Lemma potentialE Y :
  #|Y|%:R * potential Y = v Y + \sum_(j in Y) potential (Y :\ j).
Proof.
rewrite /potential; case cardY: #|Y| => [|n] /=.
  move/eqP: cardY; rewrite cards_eq0 => /eqP ->.
  by rewrite big_set0 v_set0 mul0r addr0.
rewrite cardY mulrA divff ?pnatr_eq0 // mul1r.
by congr (_ + _); apply: eq_bigr => j jY; rewrite (cardsD1_eqS jY cardY).
Qed.

Lemma shapley_valueE i Y : i \in Y ->
  #|Y|%:R * shapley_value i Y =
  v Y - v (Y :\ i) + \sum_(j in Y :\ i) shapley_value i (Y :\ j).
Proof.
move=> iY; have [n cardY] : exists n, #|Y| = n.+1.
  by exists #|Y :\ i|; rewrite (cardsD1 i) iY.
have cardD1 j : j \in Y -> #|Y :\ j| = n by move/cardsD1_eqS; apply.
have fact_neq0 : n`!%:R != 0 :> R by rewrite pnatr_eq0 -lt0n fact_gt0.
have last_i : \sum_(s <- permutations (enum (Y :\ i))) m i (preceding (rcons s i) i)
    = m i (Y :\ i) *+ n`!.
  rewrite -(cardD1 i iY) -size_permutations_enum -iter_addr_0 -count_predT.
  rewrite -big_const_seq; apply: eq_big_seq => s; rewrite mem_permutations => sY.
  rewrite preceding_rcons_last ?(perm_mem sY) ?mem_enum ?setD11 //.
  by congr (m i _); apply/setP => x; rewrite inE (perm_mem sY) mem_enum.
have last_j j : j \in Y :\ i ->
    \sum_(s <- permutations (enum (Y :\ j))) m i (preceding (rcons s j) i)
    = shapley_value i (Y :\ j) *+ n`!.
  case/setD1P => ji jY; rewrite /shapley_value size_permutations_enum cardD1 //.
  rewrite -(mulr_natl (_ * _)) mulVKf //; apply: eq_big_seq => s.
  rewrite mem_permutations => sY; rewrite preceding_rcons //.
  by rewrite (perm_mem sY) mem_enum in_setD1 eq_sym ji.
rewrite {1}/shapley_value sum_permutations_rcons ?cardY //.
rewrite size_permutations_enum cardY (big_setD1 i iY) /= last_i (eq_bigr _ last_j).
rewrite m_marginal // sumrMnl -mulrnDl factS natrM -mulr_natr.
by field; rewrite fact_neq0 addrC natr1 pnatr_eq0.
Qed.

Lemma potentialD1 i Y : i \in Y ->
  potential Y - potential (Y :\ i) = shapley_value i Y.
Proof.
move cardY: #|Y| => n; elim: n Y i cardY => [|n IH] Y i cardY iY.
  by rewrite (cardsD1 i) iY in cardY.
have sumD1 : \sum_(j in Y :\ i) potential (Y :\ j) =
    \sum_(j in Y :\ i) potential (Y :\ i :\ j)
    + \sum_(j in Y :\ i) shapley_value i (Y :\ j).
  rewrite -big_split; apply: eq_bigr => j /setD1P [ji jY] /=.
  rewrite -(IH (Y :\ j) i (cardsD1_eqS jY cardY)) ?in_setD1 1?eq_sym ?ji //.
  suff -> : Y :\ j :\ i = Y :\ i :\ j by rewrite addrC subrK.
  by apply/setP => x; rewrite !inE andbCA.
have := potentialE Y; have := potentialE (Y :\ i); have := shapley_valueE iY.
rewrite (big_setD1 i iY) /= sumD1 cardY (cardsD1_eqS iY cardY) => recS recQ recP.
apply: (@mulfI _ n.+1%:R); first by rewrite pnatr_eq0.
by rewrite mulrBr recP recS mulrSr mulrDl mul1r recQ; lra.
Qed.

Lemma sum_shapley_value_preceding (s : seq 'I_N) : uniq s ->
  \sum_(i <- s) shapley_value i (preceding s i :|: [set i]) = potential [set x in s].
Proof.
elim/last_ind: s => [|s x IH].
  by rewrite big_nil (_ : [set x in [::]] = finset.set0) ?potential_set0.
rewrite rcons_uniq => /andP [xNs s_uniq].
rewrite -cats1 big_cat big_seq1 /= cats1 preceding_rcons_last //.
rewrite (eq_big_seq (fun i => shapley_value i (preceding s i :|: [set i]))); last first.
  by move=> i si; rewrite preceding_rcons.
have setD1x : [set y in rcons s x] :\ x = [set y in s].
  apply/setP => y; rewrite in_setD1 !inE mem_rcons in_cons.
  by case: eqP => [->|]; rewrite ?(negbTE xNs).
have -> : [set y in s] :|: [set x] = [set y in rcons s x].
  by apply/setP => y; rewrite !inE mem_rcons in_cons orbC.
rewrite IH // -potentialD1 ?inE ?mem_rcons ?mem_head // setD1x.
by rewrite addrC subrK.
Qed.

Lemma potential_le_harmonic (v_leD1 : forall Y j, v (Y :\ j) <= v Y) Y :
  potential Y <= harmonic_number R #|Y| * v Y.
Proof.
move cardY: #|Y| => n; elim: n Y cardY => [|n IH] Y cardY.
  by move/eqP: cardY; rewrite cards_eq0 => /eqP ->; rewrite potential_set0 v_set0 mulr0.
have n_gt0 : 0 < n.+1%:R :> R by rewrite ltr0n.
have := potentialE Y; rewrite cardY => recP.
have sum_le : \sum_(j in Y) potential (Y :\ j) <= \sum_(j in Y) harmonic_number R n * v Y.
  apply: ler_sum => j jY; apply: le_trans (IH _ (cardsD1_eqS jY cardY)) _.
  by apply: ler_wpM2l; [exact: harmonic_number_ge0 | exact: v_leD1].
rewrite sumr_const cardY -mulr_natl in sum_le.
rewrite -(ler_pM2l n_gt0) recP harmonic_numberS mulrDl mulrDr mulVKf ?gt_eqF //.
lra.
Qed.

Lemma potential_ge_div (d : R) : 0 < d ->
    (forall Y, #|Y|%:R * v Y <= d * v Y + \sum_(j in Y) v (Y :\ j)) ->
  forall Y, v Y / d <= potential Y.
Proof.
move=> d_gt0 v_removal Y; move cardY: #|Y| => n.
elim: n Y cardY => [|n IH] Y cardY.
  by move/eqP: cardY; rewrite cards_eq0 => /eqP ->; rewrite potential_set0 v_set0 mul0r.
have n_gt0 : 0 < n.+1%:R :> R by rewrite ltr0n.
have := potentialE Y; rewrite cardY => recP.
have sum_ge : \sum_(j in Y) v (Y :\ j) / d <= \sum_(j in Y) potential (Y :\ j).
  by apply: ler_sum => j jY; exact: IH (cardsD1_eqS jY cardY).
rewrite -mulr_suml in sum_ge.
have dV_ge0 : 0 <= d^-1 by rewrite invr_ge0 ltW.
have := ler_wpM2r dV_ge0 (v_removal Y).
rewrite mulrDl (mulrC d) mulfK ?gt_eqF // cardY => removal_d.
rewrite -(ler_pM2l n_gt0) recP mulrA; lra.
Qed.

End ShapleyPotential.

(* Young's inequality for [x * y ^ (a - 1)] with the conjugate exponents [a] and [a / (a - 1)]. *)
Lemma powR_tangent_le (R : realType) (a x y : R) : 1 < a -> 0 <= x -> 0 <= y ->
  y `^ a - a * (y - x) * y `^ (a - 1) <= x `^ a.
Proof.
move=> a_gt1 x_ge0 y_ge0.
have a_gt0 : 0 < a by apply: lt_trans a_gt1.
have a1_gt0 : 0 < a - 1 by rewrite subr_gt0.
have b_gt0 : 0 < a / (a - 1) by rewrite divr_gt0.
have conj : a^-1 + (a / (a - 1))^-1 = 1 by rewrite invf_div; field; rewrite gt_eqF.
have young := conjugate_powR x_ge0 (powR_ge0 y (a - 1)) a_gt0 b_gt0 conj.
have scaled : a * (x * y `^ (a - 1)) <= x `^ a + (a - 1) * y `^ a.
  rewrite -powRrM (_ : (a - 1) * _ = a) in young; last by field; rewrite gt_eqF.
  have expand : a * (x `^ a / a + y `^ a / (a / (a - 1))) = x `^ a + (a - 1) * y `^ a.
    by field; rewrite !gt_eqF.
  by rewrite -expand ler_wpM2l // ltW.
have -> : y `^ a - a * (y - x) * y `^ (a - 1) =
          (1 - a) * y `^ a + a * (x * y `^ (a - 1)).
  by rewrite -(mulr_powRB1 y_ge0 a_gt0); ring.
lra.
Qed.

Lemma powR_sum_removal (R : realType) (I : finType) (A : {pred I}) (u : I -> R)
    (a L : R) :
  1 < a -> (forall j, j \in A -> 0 <= u j) -> \sum_(j in A) u j = L ->
  #|A|%:R * L `^ a <= a * L `^ a + \sum_(j in A) (L - u j) `^ a.
Proof.
move=> a_gt1 u_ge0 sumA.
have L_ge0 : 0 <= L by rewrite -sumA sumr_ge0.
have tangent j : j \in A -> L `^ a - a * u j * L `^ (a - 1) <= (L - u j) `^ a.
  move=> jA; have uj_le : 0 <= L - u j.
    rewrite subr_ge0 -sumA (bigD1 j) //= lerDl.
    by apply: sumr_ge0 => i /andP [iA _]; exact: u_ge0.
  by have := powR_tangent_le a_gt1 uj_le L_ge0; rewrite subKr.
have : \sum_(j in A) (L `^ a - a * u j * L `^ (a - 1)) <= \sum_(j in A) (L - u j) `^ a.
  exact: ler_sum.
rewrite sumrB sumr_const -mulr_natl -mulr_suml -mulr_sumr.
rewrite sumA -mulrA mulr_powRB1 ?(lt_trans ltr01 a_gt1) //; lra.
Qed.

Section GNDCost.
Variables (R : realType) (E : finType) (N q : nat).
Variables (w : 'I_N -> E -> nat) (alpha : 'I_q -> R)
          (sigma : E -> R) (xi : E -> 'I_q -> R).
Hypothesis w_ge1 : forall i e, (1 <= w i e)%N.
Hypothesis alpha_gt1 : forall k, 1 < alpha k.
Hypothesis sigma_ge0 : forall e, 0 <= sigma e.
Hypothesis xi_ge0 : forall e k, 0 <= xi e k.
Implicit Types (X Y : {set 'I_N}) (i j : 'I_N) (e : E) (p : 'I_N -> {set E}).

····················

Copy out the line holding "(sigma : E ->" along with all lines after it through the end of the entries, exactly and only these.

          (sigma : E -> R) (xi : E -> 'I_q -> R).
Hypothesis w_ge1 : forall i e, (1 <= w i e)%N.
Hypothesis alpha_gt1 : forall k, 1 < alpha k.
Hypothesis sigma_ge0 : forall e, 0 <= sigma e.
Hypothesis xi_ge0 : forall e k, 0 <= xi e k.
Implicit Types (X Y : {set 'I_N}) (i j : 'I_N) (e : E) (p : 'I_N -> {set E}).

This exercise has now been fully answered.